Machine Learning Aided Device Simulation of Work Function Fluctuation for Multichannel Gate-All-Around Silicon Nanosheet MOSFETs

Chandni Akbar, Yiming Li, Wen Li Sung

Research output: Contribution to journalArticlepeer-review

33 Scopus citations

Abstract

A machine learning (ML) aided device simulation of work function fluctuation (WKF) for 3-D multichannel gate-all-around silicon nanosheet MOSFET is presented. To establish the ML model, the random forest regressor (RFR) is explored to predict the characteristic variation of the explored device. The proposed ML-RFR algorithm for predicting the ID-VG curve shows the same degree of accuracy as device simulation and it also estimates the minimum required samples for the converged ML-RFR model, i.e., 330 samples.

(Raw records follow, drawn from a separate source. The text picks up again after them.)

(* A directed cycle inside A: distinct vertices f 0, ..., f m (m+1 <= #|V|),
   all in A, with arcs f i -> f (i+1 mod m+1). *)
Definition has_dicycle (V : finType) (E : rel V) (A : {set V}) : bool :=
  [exists m : 'I_#|V|, exists f : {ffun 'I_m.+1 -> V},
     injectiveb f && [forall i, (f i \in A) && E (f i) (f (ordS i))]].

(* Proper k-colouring (colours 'I_k ~ {1..k}): every colour class induces
   an acyclic subdigraph. *)
Definition proper_coloring (V : finType) (E : rel V) (k : nat)
  (c : {ffun V -> 'I_k}) : bool :=
  [forall i : 'I_k, ~~ has_dicycle E [set v | c v == i]].

Definition num_colorings (V : finType) (E : rel V) (k : nat) : nat :=
  #|[set c : {ffun V -> 'I_k} | proper_coloring E c]|.

Definition is_dichromatic_poly (V : finType) (E : rel V) (P : {poly rat}) : Prop :=
  forall k : nat, (0 < k)%N -> P.[k%:R] = (num_colorings E k)%:R.

(* Number of directed triangles (as 3-vertex subsets spanning a directed 3-cycle). *)
Definition num_dir_triangles (V : finType) (E : rel V) : nat :=
  #|[set S : {set V} | [exists a, exists b, exists c,
        (S == [set a; b; c]) && E a b && E b c && E c a]]|.

From mathcomp Require Import all_boot all_order all_algebra.
From mathcomp Require Import zify.
Import GRing.Theory Num.Theory.
Set Implicit Arguments. Unset Strict Implicit. Unset Printing Implicit Defensive.

(** In a tournament every directed cycle contains a directed triangle (a chord
    of a longer cycle always shortcuts it), so a colouring is proper exactly
    when no directed triangle is monochromatic.  Inclusion-exclusion over sets
    J of directed triangles then gives
      P(T; k) = sum_J (-1)^|J| k^c(J),
    where c(J) is the number of connected components of the hypergraph on V
    with edge set J.  Now c(empty) = n, c({T}) = n - 2, and c(J) <= n - 3 as
    soon as J contains two distinct triangles; hence no term has degree n - 1,
    and the terms of degree n - 2 are exactly the singletons, each with
    sign -1. *)

Definition monochromatic (V : finType) k (c : {ffun V -> 'I_k}) (S : {set V}) :=
  [forall u in S, forall v in S, c u == c v].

By using the root mean squared error value, error rate, and R² score as the evaluation tools, our ML-RFR model infers with an R² score of 99% and an error rate of less than 1%. The main objective of this work is to explore the possibility of ML model that can replace the device simulation to reduce the computational cost and drive energy-efficient devices.

Original languageEnglish
Pages (from-to)5490 - 5497
Number of pages8
JournalIEEE Transactions on Electron Devices
Volume68
Issue number11
DOIs
StatePublished - Nov 2021

Keywords

  • Data models
  • Gallium arsenide
  • Gate-all-around (GAA)
  • machine learning (ML)
  • MOSFET
  • nanosheet (NS)
  • Predictive models
  • random forest regressor (RFR)
  • Semiconductor device modeling
  • Silicon
  • Solid modeling
  • work function fluctuation (WKF).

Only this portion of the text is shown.